Steve Wynn calls it “The best thing he’s ever done…The work of our lifetime.”
Too bad it won’t happen in Las Vegas.
Macau’s Cotai Strip is where Wynn has been approved to begin construction of a resort that will probably have an eventual price tag of better three billion dollars by the time it opens about three and a half years from now.
This project’s long-term benefit for Las Vegas is that the earnings at this new project will eventually find their way back to Nevada where they may finance continued improvements at the Wynn-Encore complex.

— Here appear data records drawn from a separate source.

(* Let $G$ be a graph whose $\operatorname{IR}$-graph $H=G(\operatorname{IR})$ is connected, and let $X$ be an $\operatorname{IR}(G)$-set such that either (i) the induced subgraph $G[X]$ has exactly one edge, or (ii) $X$ is independent and at least two vertices of $X$ have $X$-external private neighbours. Then $X$ lies on an induced $4$-cycle of $H$.
   Context: All graphs are finite and simple. For $G=(V,E)$, $D\subseteq V$, $v\in D$: $\operatorname{PN}(v,D)=N[v]-N[D-\{v\}]$ and $\operatorname{EPN}(v,D)=\operatorname{PN}(v,D)-D$; elements of $\operatorname{EPN}(v,D)$ are the $D$-external private neighbours of $v$. $D$ is irredundant if $\operatorname{PN}(v,D)\neq\varnothing$ for all $v\in D$; $\operatorname{IR}(G)$ is the maximum size of an irredundant set; an $\operatorname{IR}(G)$-set is an irredundant set of that size. $G(\operatorname{IR})$ has the $\operatorname{IR}(G)$-sets as vertices, with $D\sim D'$ iff there exist $u\in D$, $v\in D'$ with $uv\in E(G)$ and $D'=(D-\{u\})\cup\{v\}$. *)

(* A finite simple graph is a symmetric irreflexive
   relation e : rel T on a finite type T. *)
From mathcomp Require Import all_boot.
Set Implicit Arguments. Unset Strict Implicit. Unset Printing Implicit Defensive.

Section IRGraph.
Variables (T : finType) (e : rel T).

Definition cnbhd (v : T) : {set T} := [set u | (u == v) || e v u].
Definition cnbhd_set (S : {set T}) : {set T} := \bigcup_(v in S) cnbhd v.

Definition PN (v : T) (D : {set T}) : {set T} := cnbhd v :\: cnbhd_set (D :\ v).
Definition EPN (v : T) (D : {set T}) : {set T} := PN v D :\: D.

Definition irredundant (D : {set T}) : bool := [forall v in D, PN v D != set0].

Definition IR : nat := \max_(D : {set T} | irredundant D) #|D|.

Definition IRset (D : {set T}) : bool := irredundant D && (#|D| == IR).

Definition IRadj (D D' : {set T}) : bool :=
  [&& IRset D, IRset D' &
   [exists u in D, exists v in D', e u v && (D' == (D :\ u) :|: [set v])]].

Definition IRgraph_connected : Prop :=
  forall D D', IRset D -> IRset D' -> connect IRadj D D'.

Definition induced_edges (X : {set T}) : {set {set T}} :=
  [set S : {set T} | (S \subset X) &&
     [exists u, exists v, e u v && (S == [set u; v])]].

Definition independent (X : {set T}) : bool :=
  [forall u in X, forall v in X, ~~ e u v].

Definition on_induced_C4 (X : {set T}) : Prop :=
  exists D1 D2 D3 : {set T},
    [/\ uniq [:: X; D1; D2; D3],
        [/\ IRadj X D1, IRadj D1 D2, IRadj D2 D3 & IRadj D3 X] &
        ~~ IRadj X D2 /\ ~~ IRadj D1 D3].

End IRGraph.

From mathcomp Require Import all_boot.
Set Implicit Arguments. Unset Strict Implicit. Unset Printing Implicit Defensive.

(* Let x, y be distinct vertices of the IR-set X with X-external private
   neighbours x', y', such that every edge of G[X] joins x and y.  Exchanging x
   for x', or y for y', or both, keeps the set irredundant: the other vertices
   of X are isolated among X, x', y' and remain their own private neighbours, a
   remaining x or y is its own private neighbour, and x' has x' (if y stays) or
   x (if y leaves) as private neighbour.  Hence X, X-x+x', X-x-y+x'+y', X-y+y'
   are IR-sets forming a 4-cycle of G(IR); it is induced because opposite sets
   differ in two new vertices while adjacent IR-sets differ in one.  In case
   (i) the ends of the unique edge have external private neighbours by
   irredundance; in case (ii) this is assumed. *)

Section PrivateNeighbours.
Variables (T : finType) (e : rel T).
Hypotheses (e_sym : symmetric e) (e_irr : irreflexive e).

Lemma PNP w (D : {set T}) t :
  reflect (t \in cnbhd e w /\ forall z, z \in D -> z != w -> t \notin cnbhd e z)
          (t \in PN e w D).
Proof.
rewrite /PN in_setD andbC; apply: (iffP andP) => -[tw tD]; split=> //.
  by move=> z zD zw; apply: contra tD => tz; apply/bigcupP; exists z; rewrite ?in_setD1 ?zw.
by apply/bigcupP => -[z]; rewrite in_setD1 => /andP[zw zD]; apply/negP; apply: tD.
Qed.

Lemma EPNP (X : {set T}) x x' : x \in X -> x' \in EPN e x X ->
  [/\ x' \notin X, e x x' & forall z, z \in X -> z != x -> ~~ e z x'].
Proof.
move=> xX; rewrite in_setD => /andP[x'X /PNP[x'x x'_priv]].
split=> // [|z zX zx]; last by have := x'_priv z zX zx; rewrite inE negb_or => /andP[].
by move: x'x; rewrite inE => /orP[/eqP x'E|//]; rewrite x'E xX in x'X.
Qed.

Lemma EPN_neq0_of_adj (X : {set T}) u v :
  irredundant e X -> u \in X -> v \in X -> e u v -> EPN e u X != set0.
Proof.
move=> irrX uX vX euv; have /set0Pn[p pPN] := forall_inP irrX u uX.
apply/set0Pn; exists p; rewrite in_setD pPN andbT.
apply: contraL pPN => pX; apply/PNP => -[_ p_priv].
have [pu | pu] := eqVneq p u.
  have vu : v != u by apply: contraTneq euv => ->; rewrite e_irr.
  by have := p_priv v vX vu; rewrite pu inE e_sym euv orbT.
by have := p_priv p pX pu; rewrite inE eqxx.
Qed.

End PrivateNeighbours.

Section Swap.
Variables (T : finType) (e : rel T).
Implicit Types (D : {set T}) (u v a b : T).

Definition swap (D : {set T}) u v := D :\ u :|: [set v].

Lemma card_swap D u v : u \in D -> v \notin D -> #|swap D u v| = #|D|.
Proof.
move=> uD vD; rewrite /swap setUC cardsU1 in_setD1 (negPf vD) andbF.
by rewrite (cardsD1 u D) uD.
Qed.

Lemma swapK D u v : u \in D -> v \notin D -> swap (swap D u v) v u = D.
Proof.
move=> uD vD; apply/setP => z; rewrite !inE.
have [->|_] := eqVneq z u; first by rewrite orbT.
by have [->|_] := eqVneq z v; rewrite /= ?(negPf vD) ?andbT ?orbF.
Qed.

Lemma swapC D u1 v1 u2 v2 : u1 != v2 -> u2 != v1 ->
  swap (swap D u1 v1) u2 v2 = swap (swap D u2 v2) u1 v1.
Proof.
move=> u1v2 u2v1; apply/setP => z; rewrite !inE.
have [->|_] := eqVneq z v1; first by rewrite (eq_sym v1 u2) u2v1 !orbT.
have [->|_] := eqVneq z v2; first by rewrite (eq_sym v2 u1) u1v2 !orbT.
by rewrite !orbF andbCA.
Qed.

Lemma swap_sub D (A : {set T}) u v : D \subset A -> v \in A -> swap D u v \subset A.
Proof. by move=> sDA vA; rewrite subUset sub1set vA (subset_trans (subsetDl _ _)). Qed.

Lemma IRset_swap D u v : IRset e D -> u \in D -> v \notin D ->
  irredundant e (swap D u v) -> IRset e (swap D u v).
Proof. by case/andP=> _ cardD uD vD irr; rewrite /IRset irr card_swap. Qed.

Lemma IRadj_swap D D' u v : IRset e D -> IRset e D' -> u \in D -> e u v ->
  D' = swap D u v -> IRadj e D D'.
Proof.
move=> IRD IRD' uD euv D'E; subst D'.
rewrite /IRadj IRD IRD'; apply/exists_inP; exists u => //.
by apply/exists_inP; exists v; rewrite /swap ?euv ?eqxx // !inE eqxx orbT.
Qed.

Lemma IRadj_fresh_eq D D' a b : IRadj e D D' -> a \in D' :\: D -> b \in D' :\: D -> a = b.
Proof.
case/and3P=> _ _ /exists_inP[u uD /exists_inP[v _ /andP[_ /eqP->]]].
have fresh z : z \in (D :\ u :|: [set v]) :\: D -> z = v.
  by rewrite !inE => /andP[zD /orP[/andP[_ zD']|/eqP//]]; rewrite zD' in zD.
by move=> /fresh-> /fresh->.
Qed.

End Swap.

Section PrivatePair.
Variables (T : finType) (e : rel T).
Hypothesis e_sym : symmetric e.
Variables (X : {set T}) (x y x' y' : T).
Hypotheses (xX : x \in X) (yX : y \in X) (neq_xy : x != y).
Hypotheses (x'_epn : x' \in EPN e x X) (y'_epn : y' \in EPN e y X).
Hypothesis X_edges : forall z t, z \in X -> t \in X -> e z t -> [set z; t] = [set x; y].

Lemma PN_epn_neq0 (D : {set T}) :
  D \subset X :|: [set x'; y'] -> x \notin D -> (y' \in D -> y \notin D) ->
  x' \in D -> PN e x' D != set0.
Proof.
have [x'X ex' x'_priv] := EPNP xX x'_epn; have [_ _ y'_priv] := EPNP yX y'_epn.
move=> sDU xD y'yD x'D; apply/set0Pn.
have zx z : z \in D -> z != x by move=> zD; apply: contraNneq xD => <-.
have [yD | yD] := boolP (y \in D).
  have y'D : y' \notin D := contraL y'yD yD.
  exists x'; apply/PNP; split=> [|z zD zx']; first by rewrite inE eqxx.
  have zX : z \in X.
    case/setUP: (subsetP sDU z zD) => // /set2P[zE|zE]; first by rewrite zE eqxx in zx'.
    by rewrite -zE zD in y'D.
  by rewrite inE negb_or x'_priv ?zx // andbT; apply: contraNneq x'X => ->.
exists x; apply/PNP; split=> [|z zD zx']; first by rewrite inE e_sym ex' orbT.
rewrite inE negb_or eq_sym zx //=.
case/setUP: (subsetP sDU z zD) => [zX|/set2P[zE|->]]; last by rewrite e_sym y'_priv.
  apply/negP => /(X_edges zX xX) zxE.
  have : y \in [set z; x] by rewrite zxE !inE eqxx orbT.
  by rewrite !inE (eq_sym y x) (negPf neq_xy) orbF => /eqP yz; rewrite yz zD in yD.
by rewrite zE eqxx in zx'.
Qed.

Lemma mem_PN_kept (D : {set T}) w :
  D \subset X :|: [set x'; y'] -> (x' \in D -> x \notin D) -> (y' \in D -> y \notin D) ->
  ~~ ((x \in D) && (y \in D)) -> w \in D -> w \in X -> w \in PN e w D.
Proof.
have [_ _ x'_priv] := EPNP xX x'_epn; have [_ _ y'_priv] := EPNP yX y'_epn.
move=> sDU x'xD y'yD nxyD wD wX; apply/PNP; split=> [|z zD zw]; first by rewrite inE eqxx.
rewrite inE negb_or eq_sym zw /=.
case/setUP: (subsetP sDU z zD) => [zX|/set2P[zE|zE]]; rewrite ?zE in zD *.
- apply/negP => /(X_edges zX wX) zwE; case/negP: nxyD.
  have sxyD : [set x; y] \subset D by rewrite -zwE subUset !sub1set zD wD.
  by rewrite !(subsetP sxyD) // !inE eqxx ?orbT.
- have wx : w != x by apply: contraTneq wD => ->; apply: x'xD.
  by rewrite e_sym x'_priv.
- have wy : w != y by apply: contraTneq wD => ->; apply: y'yD.
  by rewrite e_sym y'_priv.
Qed.

End PrivatePair.

Section FourCycle.
Variables (T : finType) (e : rel T).
Hypothesis e_sym : symmetric e.
Variables (X : {set T}) (x y x' y' : T).
Hypotheses (IRset_X : IRset e X) (xX : x \in X) (yX : y \in X) (neq_xy : x != y).
Hypotheses (x'_epn : x' \in EPN e x X) (y'_epn : y' \in EPN e y X).
Hypothesis X_edges : forall z t, z \in X -> t \in X -> e z t -> [set z; t] = [set x; y].

Lemma irredundant_exchange (D : {set T}) :
  D \subset X :|: [set x'; y'] -> (x' \in D -> x \notin D) -> (y' \in D -> y \notin D) ->
  ~~ ((x \in D) && (y \in D)) -> irredundant e D.
Proof.
move=> sDU x'xD y'yD nxyD; apply/forall_inP => w wD.
case/setUP: (subsetP sDU w wD) => [wX|/set2P[wE|wE]]; rewrite ?wE in wD *.
- by apply/set0Pn; exists w; apply: (mem_PN_kept e_sym xX yX x'_epn y'_epn X_edges sDU).
- exact: (PN_epn_neq0 e_sym xX yX neq_xy x'_epn y'_epn X_edges sDU (x'xD wD) y'yD wD).
- have neq_yx : y != x by rewrite eq_sym.
  have X_edges' z t : z \in X -> t \in X -> e z t -> [set z; t] = [set y; x].
    by move=> zX tX /(X_edges zX tX)->; rewrite setUC.
  have sDU' : D \subset X :|: [set y'; x'] by rewrite (setUC [set y']).
  exact: (PN_epn_neq0 e_sym yX xX neq_yx y'_epn x'_epn X_edges' sDU' (y'yD wD) x'xD wD).
Qed.

Let x'X : x' \notin X. Proof. by case: (EPNP xX x'_epn). Qed.
Let y'X : y' \notin X. Proof. by case: (EPNP yX y'_epn). Qed.

Let neq_x'y' : x' != y'.
Proof.
have [_ ex' _] := EPNP xX x'_epn; have [_ _ y'_priv] := EPNP yX y'_epn.
by apply: contraTneq ex' => ->; apply: y'_priv.
Qed.

Let neq_notin z t : z \in X -> t \notin X -> ((z == t) = false) * ((t == z) = false).
Proof. by move=> zX tX; rewrite eq_sym; split; apply: contraNF tX => /eqP->. Qed.

Let memE := (xX, yX, negPf x'X, negPf y'X, eqxx, negPf neq_xy, negPf neq_x'y',
  eq_sym y x, eq_sym y' x',
  neq_notin xX x'X, neq_notin xX y'X, neq_notin yX x'X, neq_notin yX y'X).

Let D1 := swap X x x'.
Let D2 := swap D1 y y'.
Let D3 := swap X y y'.

Let mem_D1 : [/\ x \notin D1, y \in D1, x' \in D1 & y' \notin D1].
Proof. by rewrite !inE ?memE. Qed.

Let mem_D2 : [/\ x \notin D2, y \notin D2, x' \in D2 & y' \in D2].
Proof. by rewrite !inE ?memE. Qed.

Let mem_D3 : [/\ x \in D3, y \notin D3, x' \notin D3 & y' \in D3].
Proof. by rewrite !inE ?memE. Qed.

Let sub_XU : X \subset X :|: [set x'; y']. Proof. exact: subsetUl. Qed.
Let x'U : x' \in X :|: [set x'; y']. Proof. by rewrite !inE eqxx orbT. Qed.
Let y'U : y' \in X :|: [set x'; y']. Proof. by rewrite !inE eqxx !orbT. Qed.

Let IRset_D1 : IRset e D1.
Proof.
have [xD1 _ _ y'D1] := mem_D1.
apply: IRset_swap => //; apply: irredundant_exchange (swap_sub _ sub_XU x'U) _ _ _;
  by rewrite -/D1 ?(negPf xD1) ?(negPf y'D1).
Qed.

Let IRset_D2 : IRset e D2.
Proof.
have [xD2 yD2 _ _] := mem_D2; have [_ yD1 _ y'D1] := mem_D1.
apply: IRset_swap yD1 y'D1 _ => //.
apply: irredundant_exchange (swap_sub _ (swap_sub _ sub_XU x'U) y'U) _ _ _;
  by rewrite -/D1 -/D2 ?(negPf xD2) ?(negPf yD2).
Qed.

Let IRset_D3 : IRset e D3.
Proof.
have [_ yD3 x'D3 _] := mem_D3.
apply: IRset_swap => //; apply: irredundant_exchange (swap_sub _ sub_XU y'U) _ _ _;
  by rewrite -/D3 ?(negPf yD3) ?(negPf x'D3) ?andbF.
Qed.

Lemma on_induced_C4_of_private_pair : on_induced_C4 e X.
Proof.
have [xD1 yD1 x'D1 y'D1] := mem_D1; have [xD2 _ x'D2 y'D2] := mem_D2.
have [xD3 _ x'D3 y'D3] := mem_D3.
have [_ ex' _] := EPNP xX x'_epn; have [_ ey' _] := EPNP yX y'_epn.
have set_neq (A B : {set T}) z : z \notin A -> z \in B -> A != B.
  by move=> zA zB; apply: contraNneq zA => ->.
exists D1, D2, D3; split.
- by rewrite /= !inE !negb_or !andbT (set_neq X D1 x') ?(set_neq X D2 x') ?(set_neq X D3 y')
    ?(set_neq D1 D2 y') ?(set_neq D1 D3 y') ?(set_neq D2 D3 x).
- split.
  + exact: IRadj_swap IRset_X IRset_D1 xX ex' _.
  + exact: IRadj_swap IRset_D1 IRset_D2 yD1 ey' _.
  + apply: (IRadj_swap (v := x) IRset_D2 IRset_D3 x'D2); first by rewrite e_sym.
    by rewrite /D2 /D1 /D3 swapC ?memE // swapK.
  + apply: (IRadj_swap (v := y) IRset_D3 IRset_X y'D3); first by rewrite e_sym.
    by rewrite swapK.
- split; apply/negP => /IRadj_fresh_eq fresh.
  + by move: neq_x'y'; rewrite (fresh x' y') ?eqxx // inE ?x'D2 ?y'D2 ?x'X ?y'X.
  + by move: (neq_notin xX y'X).1; rewrite (fresh x y') ?eqxx // inE ?xD3 ?y'D3 ?xD1 ?y'D1.
Qed.

End FourCycle.

Lemma induced_edges_card1 (T : finType) (e : rel T) (X : {set T}) :
  #|induced_edges e X| = 1 ->
  exists u v, [/\ u \in X, v \in X, e u v &
    forall z t, z \in X -> t \in X -> e z t -> [set z; t] = [set u; v]].
Proof.
move/eqP/cards1P=> [S ES].
have : S \in induced_edges e X by rewrite ES set11.
rewrite inE => /andP[SX /existsP[u /existsP[v /andP[euv /eqP SE]]]].
have [uX vX] : u \in X /\ v \in X by rewrite !(subsetP SX) // SE !inE eqxx ?orbT.
exists u, v; split=> // z t zX tX ezt; apply/set1P; rewrite -SE -ES inE.
rewrite subUset !sub1set zX tX /=.
by apply/existsP; exists z; apply/existsP; exists t; rewrite ezt eqxx.
Qed.

Unset Implicit Arguments.
Theorem corollary4p3 (T : finType) (e : rel T)
  (e_sym : symmetric e) (e_irr : irreflexive e) (X : {set T}) :
  IRgraph_connected e ->
  IRset e X ->
  (#|induced_edges e X| = 1 \/
   (independent e X /\ 2 <= #|[set v in X | EPN e v X != set0]|)) ->
  on_induced_C4 e X.
Proof.
move=> _ IRset_X [one_edge | [indepX two_epn]].
  have [x [y [xX yX exy X_edges]]] := induced_edges_card1 one_edge.
  have irrX : irredundant e X := proj1 (andP IRset_X).
  have /set0Pn[x' x'_epn] := EPN_neq0_of_adj e_sym e_irr irrX xX yX exy.
  have eyx : e y x by rewrite e_sym.
  have /set0Pn[y' y'_epn] := EPN_neq0_of_adj e_sym e_irr irrX yX xX eyx.
  have neq_xy : x != y by apply: contraTneq exy => ->; rewrite e_irr.
  exact: (on_induced_C4_of_private_pair e_sym IRset_X xX yX neq_xy x'_epn y'_epn X_edges).
have [x [y [xP yP neq_xy]]] := card_gt1P two_epn.
rewrite !inE in xP yP.
case/andP: xP => xX /set0Pn[x' x'_epn]; case/andP: yP => yX /set0Pn[y' y'_epn].
apply: (on_induced_C4_of_private_pair e_sym IRset_X xX yX neq_xy x'_epn y'_epn).
by move=> z t zX tX; move/forall_inP/(_ z zX)/forall_inP/(_ t tX): indepX => /negPf->.
Qed.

Wynn anticipates his new creation – it does not yet have a name – will appeal to people around the world; what he thinks of as an “explosion of pent up demand for the good life.”
Asia, he notes, is one of the very few places in the world where current spending levels make this kind of project look like a smart business decision.
The better than one billion dollars in first quarter EBITDA earned by Sheldon Adelson’s resorts – most of it coming from Macau and Singapore casinos – say more than words can about the rationale for continued big spending on Pacific Rim resorts such as those coming to life along the Cotai Strip.
Wynn said, “We want to show the public in Asia and around the world something new. We have had the benefit of watching competitors upgrade and improve their designs over the six years we’ve been in Macau.”
So the time has come, he implies, to apply those lessons. “The price of poker has gone up in China.”
Wynn believes non-casino spending will surge as a result of what he’s building. His existing 52,000 square feet of retail space in Macau is generating yields of “around $40,000” per square foot at stores such as Chanel and Louis Vuitton.